They found that the subjects’ T cells changed in response to dry immersion, mostly in terms of “gene expression,” or simply changes in which genes were active and which were inactive. This gene expression changed significantly at 7 and 14 days after weightlessness, but the most extreme change occurred after 14 days.
The T cells’ genes also seemed to adopt a more “immature” state during the process; which means they pretend not to be exposed to viruses or other diseases. This is something that can have negative health consequences.

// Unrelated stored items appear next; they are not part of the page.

Definition refsel (k : nat) : 'M[R]_(n, K.+1 * n) :=
  \matrix_(a, b) (b == mxvec_index (inord k) a)%:R.

Definition trackerr k : 'M[R]_(n, n + K.+1 * n) := row_mx 1%:M (- refsel k).

Definition Aext : 'M[R]_(n + K.+1 * n) := block_mx A 0 0 1%:M.

Definition Bext : 'M[R]_(n + K.+1 * n, m) := col_mx B 0.

Lemma refsel_refvec k r : (k <= K)%N -> refsel k *m refvec r = r k.
Proof.
move=> le_kK; apply/matrixP => a j; rewrite ord1 !mxE.
rewrite (bigD1 (mxvec_index (inord k) a)) //= big1 => [|b /negbTE b_neq].
  by rewrite addr0 !mxE eqxx mul1r mxvecE mxE inordK.
by rewrite !mxE b_neq mul0r.
Qed.

Lemma trackerr_statevec k y r : (k <= K)%N -> trackerr k *m statevec y r = y - r k.
Proof. by move=> le_kK; rewrite mul_row_col mul1mx mulNmx refsel_refvec. Qed.

Lemma refvec0 : refvec (fun _ => 0) = 0.
Proof.
rewrite /refvec (_ : \matrix_(i < K.+1, a < n) _ = 0) ?linear0 ?trmx0 //.
by apply/matrixP => i a; rewrite !mxE.
Qed.

Lemma statevec_step y v r : statevec (A *m y + B *m v) r = Aext *m statevec y r + Bext *m v.
Proof.
rewrite /statevec /Aext /Bext mul_block_col mul_col_mx !mul0mx mul1mx.
by rewrite !addr0 add0r add_col_mx addr0.
Qed.

Lemma statevec_B v : statevec (B *m v) (fun _ => 0) = Bext *m v.
Proof. by rewrite /statevec refvec0 mul_col_mx mul0mx. Qed.

Lemma cost_block_qf k y v r : (k <= K)%N ->
  c y v (r k) = block_qf Rw 0 ((trackerr k)^T *m Qw *m trackerr k) v (statevec y r).
Proof.
move=> le_kK; rewrite /cost /block_qf -trackerr_statevec // !qfE bformMl bformMr bform0m.
by congr (_ / 2); ring.
Qed.

Lemma Vmin_block_qf S C E j kappa : pd S ->
  (forall y v r, Qr r j kappa y v = block_qf S C E v (statevec y r)) ->
  forall y r, Vmin r j kappa y = qf (statevec y r) (schur S C E) (statevec y r) / 2.
Proof.
move=> Spd Qr_qf y r; rewrite /Vmin -block_qf_min //.
by congr inf; apply: eq_imagel => v _; apply: Qr_qf.
Qed.

(** [statevec] carries all of [r_0, ..., r_K]; stage [kappa] ignores those before [kappa]. *)
Lemma Qrem_block_qf j : forall kappa, (kappa + j <= K)%N ->
  exists S C E, pd S /\ forall y v r, Qr r j kappa y v = block_qf S C E v (statevec y r).
Proof.
elim: j => [|j IH] kappa le_K.
  exists Rw, 0, ((trackerr kappa)^T *m Qw *m trackerr kappa); split => // y v r.
  by rewrite /= cost_block_qf // -(addn0 kappa).
have le_K' : (kappa.+1 + j <= K)%N by rewrite addSn -addnS.
have [S [C [E [Spd Qr_qf]]]] := IH _ le_K'.
set P := symmx (schur S C E).
have Vmin_P y r : Vmin r j kappa.+1 y = qf (statevec y r) P (statevec y r) / 2.
  by rewrite qf_symmx; apply: Vmin_block_qf.
have P_ge0 v : 0 <= qf (Bext *m v) P (Bext *m v).
  by have := Vmin_ge0 (fun _ => 0) j kappa.+1 (B *m v); rewrite Vmin_P statevec_B; lra.
have PT : P^T = P by apply: symmx_tr.
clearbody P.
exists (Rw + gamma *: (Bext^T *m P *m Bext)), (gamma *: (Bext^T *m P *m Aext)),
  ((trackerr kappa)^T *m Qw *m trackerr kappa + gamma *: (Aext^T *m P *m Aext)).
split; first split.
- rewrite linearD /= linearZ /= !trmx_mul trmxK PT mulmxA.
  by case: Rpd => ->.
- move=> v v_neq0; rewrite qfE bformDm bformZm -bformMr -bformMl.
  have Rv : 0 < qf v Rw v by case: Rpd => _; apply.
  have := mulr_ge0 gamma_ge0 (P_ge0 v); rewrite !qfE in Rv *; lra.
- move=> y v r; rewrite QremS cost_block_qf; last by rewrite (leq_trans _ le_K) ?leq_addr.
  rewrite Vmin_P statevec_step /block_qf !qfE !bformDl !bformDr !bformDm !bformZm !bform0m.
  rewrite !bformMl !bformMr (bform_tr (statevec y r) (Aext^T *m P *m Bext)).
  by rewrite !trmx_mul trmxK PT mulmxA; field.
Qed.

Lemma Q0_qf : exists H : 'M[R]_(n + m + K.+1 * n), H^T = H /\
  forall x u r, Qr r K 0 x u = qf (stackz K x u r) H (stackz K x u r) / 2.
Proof.
have [S [C [E [_ Qr_qf]]]] := @Qrem_block_qf K 0 (leqnn K).
pose Pu : 'M[R]_(m, n + m + K.+1 * n) := row_mx (row_mx 0 1%:M) 0.
pose Pw : 'M[R]_(n + K.+1 * n, n + m + K.+1 * n) := block_mx (row_mx 1%:M 0) 0 0 1%:M.
have Pu_stackz x u r : Pu *m stackz K x u r = u.
  by rewrite /stackz !mul_row_col !mul0mx mul1mx add0r addr0.
have Pw_stackz x u r : Pw *m stackz K x u r = statevec x r.
  by rewrite /stackz mul_block_col mul_row_col !mul0mx !mul1mx !addr0 add0r.
exists (symmx (Pu^T *m S *m Pu + 2 *: (Pu^T *m C *m Pw) + Pw^T *m E *m Pw)).
split=> [|x u r]; first exact: symmx_tr.
rewrite qf_symmx Qr_qf; set z := stackz K x u r.
rewrite -(Pu_stackz x u r) -(Pw_stackz x u r) -/z /block_qf.
by rewrite !qfE !bformDm !bformZm !bformMl !bformMr.
Qed.

Lemma stackz_add (x1 x2 : 'cV[R]_n) (u1 u2 : 'cV[R]_m) r1 r2 :
  stackz K x1 u1 r1 + stackz K x2 u2 r2 =
  stackz K (x1 + x2) (u1 + u2) (fun i => r1 i + r2 i).
Proof.
rewrite /stackz !add_col_mx -!linearD /=; congr (col_mx _ (mxvec _)^T).
by apply/matrixP => i a; rewrite !mxE.
Qed.

Definition refdelta (i : nat) (a : 'I_n) (k : nat) : 'cV[R]_n :=
  if k == i then delta_mx a 0 else 0.

Lemma refdelta_neq i a k : k != i -> refdelta i a k = 0.
Proof. by rewrite /refdelta => /negbTE ->. Qed.

Lemma delta_uidx (a : 'I_m) :
  delta_mx (@uidx n m K a) 0 = stackz K 0 (delta_mx a 0 : 'cV[R]_m) (fun _ => 0).
Proof.
by rewrite /uidx delta_mx_ushift delta_mx_dshift /stackz -[X in col_mx _ X]refvec0.
Qed.

Lemma delta_ridx (i : 'I_K.+1) (a : 'I_n) :
  delta_mx (@ridx n m K i a) 0 = stackz K 0 0 (refdelta i a).
Proof.
rewrite /ridx delta_mx_dshift /stackz col_mx0; congr col_mx.
rewrite -trmx_delta -mxvec_delta; congr (mxvec _)^T.
apply/matrixP => i' b; rewrite !mxE /refdelta.
have [->|neq_i] := eqVneq i' i; first by rewrite !eqxx /= mxE eqxx andbT.
by rewrite ifF ?mxE //; apply/negbTE.
Qed.

Section Entries.
Variable H : 'M[R]_(n + m + K.+1 * n).
Hypotheses (HT : H^T = H)
  (Qr_H : forall x u r, Qr r K 0 x u = qf (stackz K x u r) H (stackz K x u r) / 2).

Lemma bform_stackz_eq0 x1 u1 r1 x2 u2 r2 :
  Qr (fun i => r1 i + r2 i) K 0 (x1 + x2) (u1 + u2) = Qr r1 K 0 x1 u1 + Qr r2 K 0 x2 u2 ->
  bform (stackz K x1 u1 r1) H (stackz K x2 u2 r2) = 0.
Proof. by rewrite !Qr_H -stackz_add qf_polar // => ?; lra. Qed.

Lemma H_u_r0 a b : H (@uidx n m K a) (@ridx n m K 0 b) = 0.
Proof.
rewrite -bform_delta delta_uidx delta_ridx; apply: bform_stackz_eq0 => /=.
rewrite !addr0 (_ : (fun i => 0 + refdelta 0 b i) = refdelta 0 b).
  by apply: Qrem_split_u_r0 => i /lt0n_neq0 /refdelta_neq.
by apply: funext => i; rewrite add0r.
Qed.

Lemma H_r0_r (j : 'I_K.+1) a b : (0 < j)%N -> H (@ridx n m K 0 a) (@ridx n m K j b) = 0.
Proof.
move=> j_gt0; rewrite -bform_delta !delta_ridx; apply: bform_stackz_eq0.
rewrite !addr0; apply: Qrem_split_r0 => [i /lt0n_neq0|]; first exact: refdelta_neq.
by apply: refdelta_neq; rewrite eq_sym -lt0n.
Qed.

Lemma H_r1_r (j : 'I_K.+1) a b : (1 < j)%N ->
  H (@ridx n m K (inord 1) a) (@ridx n m K j b) = 0.
Proof.
move=> j_gt1; have lt1_K : (1 < K.+1)%N by apply: leq_trans j_gt1 _; rewrite ltnW.
rewrite -bform_delta !delta_ridx inordK //; apply: bform_stackz_eq0.
rewrite !addr0; apply: Qrem_split_r1 => [i|i lt_i2]; first exact: refdelta_neq.
by apply: refdelta_neq; rewrite ltn_eqF // (leq_trans lt_i2).
Qed.

End Entries.

End QuadraticRepresentation.

End ValueFunction.

Theorem theorem1 (R : realType) (n m N K : nat)
  (A : 'M[R]_n) (B : 'M[R]_(n, m)) (Qw : 'M[R]_n) (Rw : 'M[R]_m) (gamma : R) :
  controllable A B -> psd Qw -> pd Rw -> 0 <= gamma -> gamma < 1 ->
  (N <= K)%N ->
  exists H : 'M[R]_(n + m + K.+1 * n),
    H^T = H /\
    (forall (x : 'cV[R]_n) (u : 'cV[R]_m) (r : nat -> 'cV[R]_n),
       (forall i, (N < i)%N -> r i = 0) ->
       Q0 A B Qw Rw gamma r K x u = qf (stackz K x u r) H (stackz K x u r) / 2) /\
    h_ur H 0 = 0 /\ h_ru H 0 = 0 /\
    (forall j : 'I_K.+1, (1 <= j)%N -> h_rr H 0 j = 0) /\
    (forall j : 'I_K.+1, (j != 1 :> nat) -> (1 <= K)%N -> h_rr H (inord 1) j = 0) /\
    (forall i : 'I_K.+1, (2 <= i)%N ->
       h_rr H i 0 = 0 /\ ((1 <= K)%N -> h_rr H i (inord 1) = 0)).
Proof.
move=> _ Qpsd Rpd gamma_ge0 _ _.
have [H [HT Qr_H]] := Q0_qf A B Qpsd Rpd gamma_ge0 K.
have Hu := H_u_r0 Qpsd Rpd gamma_ge0 HT Qr_H.
have Hr0 := H_r0_r Qpsd Rpd gamma_ge0 HT Qr_H.
have Hr1 := H_r1_r Qpsd Rpd gamma_ge0 HT Qr_H.
have Hsym k l : H k l = H l k by rewrite -[in LHS]HT mxE.
exists H; split=> //; split=> [x u r _|]; first exact: Qr_H.
split; first by apply/matrixP => a b; rewrite !mxE Hu.
split; first by apply/matrixP => a b; rewrite !mxE Hsym Hu.
split; first by move=> j j_gt0; apply/matrixP => a b; rewrite !mxE Hr0.
split=> [j j_neq1 K_gt0 | i i_gt1]; last first.
  split=> [|K_gt0]; apply/matrixP => a b; rewrite !mxE Hsym ?Hr1 ?Hr0 //.
  exact: leq_trans i_gt1.
apply/matrixP => a b; rewrite !mxE; have [j0|j_gt0] := posnP j.
  by rewrite Hsym (_ : j = 0) ?Hr0 ?inordK //; apply: val_inj.
by apply: Hr1; rewrite ltn_neqAle eq_sym j_neq1.
Qed.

“The T cells are starting to look like so-called naïve T cells that have not yet encountered any intruders. This could mean that they take longer to activate and are therefore less effective at fighting tumor cells and infections.” Carlos Gallardo Dodd, research co-head and postdoctoral researcher in the Karolinska Institutet Department of Microbiology, Tumor and Cell Biology, said:
However, after 21 days of exposure to microgravity, the subjects’ T cells were found to adapt to weightlessness and gene expression in the cells returned to near-normal levels. But 7 days after the experiment ended, the team found that some of the initial changes in gene expression due to weightlessness had actually returned.
Now the team of scientists will attempt to use the sounding rocket platform at the Esrange Space Center in Sweden to further study T cells and the effects of zero gravity on their functions.
“Our findings may pave the way for new treatments that reverse these changes in the genetic programming of immune cells,” said Dodd.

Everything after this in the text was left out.